8. Helps you lose weight
High knees are not used just for warm-up, but also in other sports as a high-intensity exercise that burns a high number of calories. It is used in fitness training as a separate exercise performed in repetitions lasting several minutes.
InfoA person of 155 pounds will lose approximately 6-9 calories after a minute of high knees.
Do high knees burn belly fat?
High knees are an excellent exercise if you wish to burn belly fat because it is a cardiovascular high-intensity exercise, and it strengthens upper body muscles as well. Although we cannot pick exactly where we will burn the fat, we can focus on the exercises that strengthen a particular group of muscles and, of course, be careful with your diet.
9. Improves cardiovascular condition
High knees, like any other running drill, increase the blood flow in your muscles, thus raising muscle temperature. At higher temperatures hemoglobin in erythrocytes releases oxygen more quickly (Bohr effect). This means that you will be able to handle more exertion because your blood and oxygen have an easier time traveling through your organism.
Research has shown that proper warm-up results in a 2-3% increase in body temperature, lasting 45 minutes. The increase in temperature causes useful changes in muscles and tendons:
- Significantly increases muscle elasticity and allows higher-intensity training.
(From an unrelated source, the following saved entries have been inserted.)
Lemma eigval_on_char (A : 'M[R]_L) mu :
  eigval_on a A mu -> (A p p - mu) * (A q q - mu) = A p q * A q p.
Proof.
case=> v [v_neq0 v_supp Av].
have Av_at i : A i p * v p 0 + A i q * v q 0 = mu * v i 0.
  by rewrite -mulmx_support // Av mxE.
have := Av_at p; have := Av_at q.
set x := v p 0; set y := v q 0 => Av_q Av_p.
set D := (A p p - mu) * (A q q - mu) - A p q * A q p.
have Dx : D * x = 0.
  have -> : D * x = (A q q - mu) * (A p p * x + A p q * y - mu * x)
                    - A p q * (A q p * x + A q q * y - mu * y) by rewrite /D; ring.
  by rewrite Av_p Av_q; ring.
have Dy : D * y = 0.
  have -> : D * y = (A p p - mu) * (A q p * x + A q q * y - mu * y)
                    - A q p * (A p p * x + A p q * y - mu * x) by rewrite /D; ring.
  by rewrite Av_p Av_q; ring.
apply/eqP; rewrite -subr_eq0 -/D; apply: contraR v_neq0 => D_neq0.
have /eqP x0 : x == 0 by move/eqP: Dx; rewrite mulf_eq0 (negbTE D_neq0).
have /eqP y0 : y == 0 by move/eqP: Dy; rewrite mulf_eq0 (negbTE D_neq0).
apply/eqP/matrixP => i j; rewrite (ord1 j) mxE.
by case: (boolP (a i)) => [|/v_supp //]; rewrite a_pq => /orP [] /eqP ->.
Qed.

Lemma char_eigval_on (A : 'M[R]_L) mu :
  (forall i j, ~~ a i -> A i j = 0) ->
  (A p p - mu) * (A q q - mu) = A p q * A q p -> eigval_on a A mu.
Proof.
move=> A_out /singular2_kernel [x [y [xy_neq0 eq_p eq_q]]].
pose v : 'cV[R]_L := \col_i (if i == p then x else if i == q then y else 0).
have vp : v p 0 = x by rewrite mxE eqxx.
have vq : v q 0 = y by rewrite mxE eq_sym (negbTE p_neq_q) eqxx.
have v_supp k : ~~ a k -> v k 0 = 0.
  by rewrite a_pq negb_or => /andP [/negbTE kp /negbTE kq]; rewrite mxE kp kq.
exists v; split => //.
  by apply: contraTneq xy_neq0 => v0; rewrite -vp -vq v0 !mxE eqxx.
apply/matrixP => i j; rewrite (ord1 j) mulmx_support // vp vq [RHS]mxE.
case: (boolP (a i)) => [|ai]; last by rewrite v_supp // !A_out // !mul0r mulr0 addr0.
by rewrite a_pq => /orP [] /eqP ->; rewrite ?vp ?vq; lra.
Qed.

Lemma is_Lambda_top_eig (lam : R) :
  is_Lambda lam a (top_eig (A_op lam a p p) (A_op lam a q q) (A_op lam a p q)).
Proof.
have sym_qp : A_op lam a q p = A_op lam a p q by rewrite A_op_sym.
split.
  apply: char_eigval_on; first exact: A_op_out.
  by rewrite sym_qp -expr2 top_eig_root.
by move=> mu /eigval_on_char; rewrite sym_qp -expr2 => /root_le_top_eig.
Qed.

End ActionOnSupport.

Section PairEntries.
Variables (R : realType) (L : nat) (a : 'I_L -> bool) (p q : 'I_L).
Hypotheses (L_ge3 : (3 <= L)%N) (p_lt_q : (p < q)%N).
Hypothesis a_pq : forall i, a i = (i == p) || (i == q).

Lemma abit_pair k : abit R a k = ((k == p) || (k == q))%:R.
Proof.
rewrite /abit; case: insubP => [i _ <-|k_ge]; first by rewrite a_pq.
have := ltn_ord p; have := ltn_ord q.
by do 2 case: eqP => //; lia.
Qed.

Lemma Piph_pair_p : Piph_mx R a p p =
  if q == p.+1 :> nat then (if p == 0 :> nat then 1 else 1 / 2) else 0.
Proof.
have := ltn_ord q; rewrite mxE eqxx !abit_pair.
case: (eqVneq (p : nat) 0) => [-> | p_neq0] q_lt /=; first by rewrite eq_sym; case: eqP.
have -> : (p == L.-1 :> nat) = false by apply/eqP; lia.
have -> : (p.-1 == p :> nat) = false by apply/eqP; lia.
have -> : (p.-1 == q :> nat) = false by apply/eqP; lia.
have -> : (p.+1 == p :> nat) = false by apply/eqP; lia.
by rewrite eq_sym; case: eqP => _; rewrite /= ?add0r ?mul0r.
Qed.

Lemma Piph_pair_q : Piph_mx R a q q =
  if q == p.+1 :> nat then (if q == L.-1 :> nat then 1 else 1 / 2) else 0.
Proof.
have := ltn_ord q; rewrite mxE eqxx !abit_pair.
have -> : (q == 0 :> nat) = false by apply/eqP; lia.
case: (eqVneq (q : nat) L.-1) => [q_last | q_nlast] q_lt.
  have -> : ((L - 2)%N == q :> nat) = false by apply/eqP; lia.
  by rewrite orbF; do 2 case: eqP => //; lia.
have -> : (q.-1 == q :> nat) = false by apply/eqP; lia.
have -> : (q.+1 == q :> nat) = false by apply/eqP; lia.
have -> : (q.+1 == p :> nat) = false by apply/eqP; lia.
by rewrite orbF addr0; do 2 case: eqP => //; rewrite ?mul0r //; lia.
Qed.

Lemma Pi_pair : Pi_mx R L p q =
  if q == p.+1 :> nat then
    (if (p == 0 :> nat) || (q == L.-1 :> nat) then - 1 / (2 * Num.sqrt 2) else - 1 / 4)
  else 0.
Proof.
rewrite mxE.
have -> : (p == q) = false by apply/eqP => pq; move: p_lt_q; rewrite pq ltnn.
have -> : (p == q.+1 :> nat) = false by apply/eqP; lia.
rewrite orbF (minn_idPl (ltnW p_lt_q)); case: eqP => // q_next /=.
by have -> : (p == (L - 2)%N :> nat) = (q == L.-1 :> nat) by apply/eqP/eqP; lia.
Qed.

Variable lam : R.

Let Lambda := top_eig (A_op lam a p p) (A_op lam a q q) (A_op lam a p q).

Let p_neq_q : p != q.
Proof. by rewrite -val_eqE neq_ltn p_lt_q. Qed.

Lemma is_Lambda_pair : is_Lambda lam a Lambda.
Proof. exact: is_Lambda_top_eig. Qed.

Lemma Lambda_pairE :
  Lambda = top_eig (Piph_mx R a p p - lam / 2) (Piph_mx R a q q - lam / 2)
                   (- lam * Pi_mx R L p q).
Proof. by rewrite /Lambda !A_op_diag ?A_op_offdiag // !a_pq !eqxx ?orbT.
Qed.

Lemma Lambda_pair_edge :
  q = p.+1 :> nat -> (p == 0 :> nat) || (q == L.-1 :> nat) -> Lambda = Omega1 lam.
Proof.
move=> q_next edge; have q_lt := ltn_ord q.
rewrite Lambda_pairE Piph_pair_p Piph_pair_q Pi_pair edge.
have -> : (q == p.+1 :> nat) by apply/eqP.
have [sqrt2_gt0 sqrt2_sq] : 0 < Num.sqrt 2 :> R /\ Num.sqrt 2 ^+ 2 = 2 :> R.
  by rewrite sqrtr_gt0 sqr_sqrtr ?ltr0n ?ler0n.
have c_sq : (- lam * (- 1 / (2 * Num.sqrt 2))) ^+ 2 = lam ^+ 2 / 8.
  by rewrite !(exprMn, exprVn) sqrt2_sq; field.
case/orP: edge => [/eqP p0 | /eqP q_last].
  have -> : (q == L.-1 :> nat) = false by apply/eqP; lia.
  by rewrite p0 eqxx; apply: top_eig_edge => //; field.
have -> : (p == 0 :> nat) = false by apply/eqP; lia.
by rewrite q_last eqxx; apply: top_eig_edge => //; field.
Qed.

Lemma Lambda_pair_le : Lambda <= Omega1 lam.
Proof.
have sqrt_ge := normr_le_sqrt_1_plus_2sqr lam; have := normr_ge0 lam.
have [q_next | q_nnext] := eqVneq (q : nat) p.+1; last first.
  rewrite Lambda_pairE Piph_pair_p Piph_pair_q Pi_pair (negbTE q_nnext).
  rewrite mulr0 top_eig_diag normr0 addr0 /Omega1; lra.
have [edge | interior] := boolP ((p == 0 :> nat) || (q == L.-1 :> nat)).
  by rewrite Lambda_pair_edge.
move: interior; rewrite negb_or => /andP [/negbTE p_neq0 /negbTE q_nlast].
rewrite Lambda_pairE Piph_pair_p Piph_pair_q Pi_pair q_next eqxx p_neq0.
rewrite -q_next q_nlast /= top_eig_diag.
have -> : `|- lam * (- 1 / 4)| = `|lam| / 4.
  have -> : - lam * (- 1 / 4) = lam / 4 by field.
  by rewrite normrM normfV normr_nat.
rewrite /Omega1; lra.
Qed.

End PairEntries.

Lemma wt_eq2_support (L : nat) (a : 'I_L -> bool) : wt a = 2%N ->
  exists p q : 'I_L, (p < q)%N /\ forall i, a i = (i == p) || (i == q).
Proof.
move=> /eqP /cards2P [x [y [x_neq_y a_xy]]].
have a_eq i : a i = (i == x) || (i == y) by rewrite -in_set2 -a_xy inE.
case: (ltngtP x y) => [x_lt_y | y_lt_x | xy]; first by exists x, y.
  by exists y, x; split => // i; rewrite orbC.
by move: x_neq_y; rewrite -val_eqE /= xy eqxx.
Qed.

Lemma wt_pair (L : nat) (p q : 'I_L) :
  p != q -> wt (fun i => (i == p) || (i == q)) = 2%N.
Proof.
move=> p_neq_q; rewrite /wt; have -> : [set i | (i == p) || (i == q)] = [set p; q].
  by apply/setP => i; rewrite !inE.
by rewrite cards2 p_neq_q.
Qed.

Theorem lemma1 (R : realType) (L : nat) (lam : R) :
  (3 <= L)%N -> 0 < lam ->
  is_Omega1 L lam ((3 - 2 * lam + Num.sqrt (1 + 2 * lam ^+ 2)) / 4) /\
  (lam <= 3 + Num.sqrt 5 -> 0 <= (3 - 2 * lam + Num.sqrt (1 + 2 * lam ^+ 2)) / 4).
Proof.
move=> L_ge3 _.
change (is_Omega1 L lam (Omega1 lam) /\ (lam <= 3 + Num.sqrt 5 -> 0 <= Omega1 lam)).
split; last exact: Omega1_ge0.
split.
- move=> a /wt_eq2_support [p [q [p_lt_q a_pq]]].
  by eexists; exact: is_Lambda_pair p_lt_q a_pq lam.
- pose p : 'I_L := Ordinal (ltnW (ltnW L_ge3)); pose q : 'I_L := Ordinal (ltnW L_ge3).
  have p_lt_q : (p < q)%N by [].
  pose a i := (i == p) || (i == q); have a_pq i : a i = (i == p) || (i == q) by [].
  exists a; split; first exact: wt_pair.
  rewrite -(Lambda_pair_edge L_ge3 p_lt_q a_pq lam erefl isT).
  exact: is_Lambda_pair.
- move=> a x /wt_eq2_support [p [q [p_lt_q a_pq]]] [x_eig _].
  apply: le_trans (Lambda_pair_le L_ge3 p_lt_q a_pq lam).
  exact: (is_Lambda_pair p_lt_q a_pq lam).2 _ x_eig.
Qed.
- Muscles and tendons become more flexible that makes stretching muscles and tendons easier and more effective.
- A rise in enzymes and metabolic activity improves the effectiveness of muscle contractions.
10. No equipment required
High knees can be done regardless of your location since you do not require any additional equipment, nor do you have to pay an expensive gym membership.
How to do high knees properly?
- Begin by standing with your feet hip-distance apart, look straight ahead, and keep your upper body straight.
- Raise your left leg to hip-height while standing on the ball of your right foot.
- Hit the ground below your center of mass with the ball of your left foot while raising your right leg to hip-height.
- Continue alternating sides and moving forward.
Your arms should follow your leg movements, as they do when you are running. As you are doing the high knees your foot should be bent towards your shin (dorsiflexion).
To do high knees properly you have to focus on hitting the ground, and not on raising your knees.
Mind your posture. Keep your body straight; do not bend forward or backward.
High knees are performed on the balls of your feet, so be careful not to touch the ground with your heels.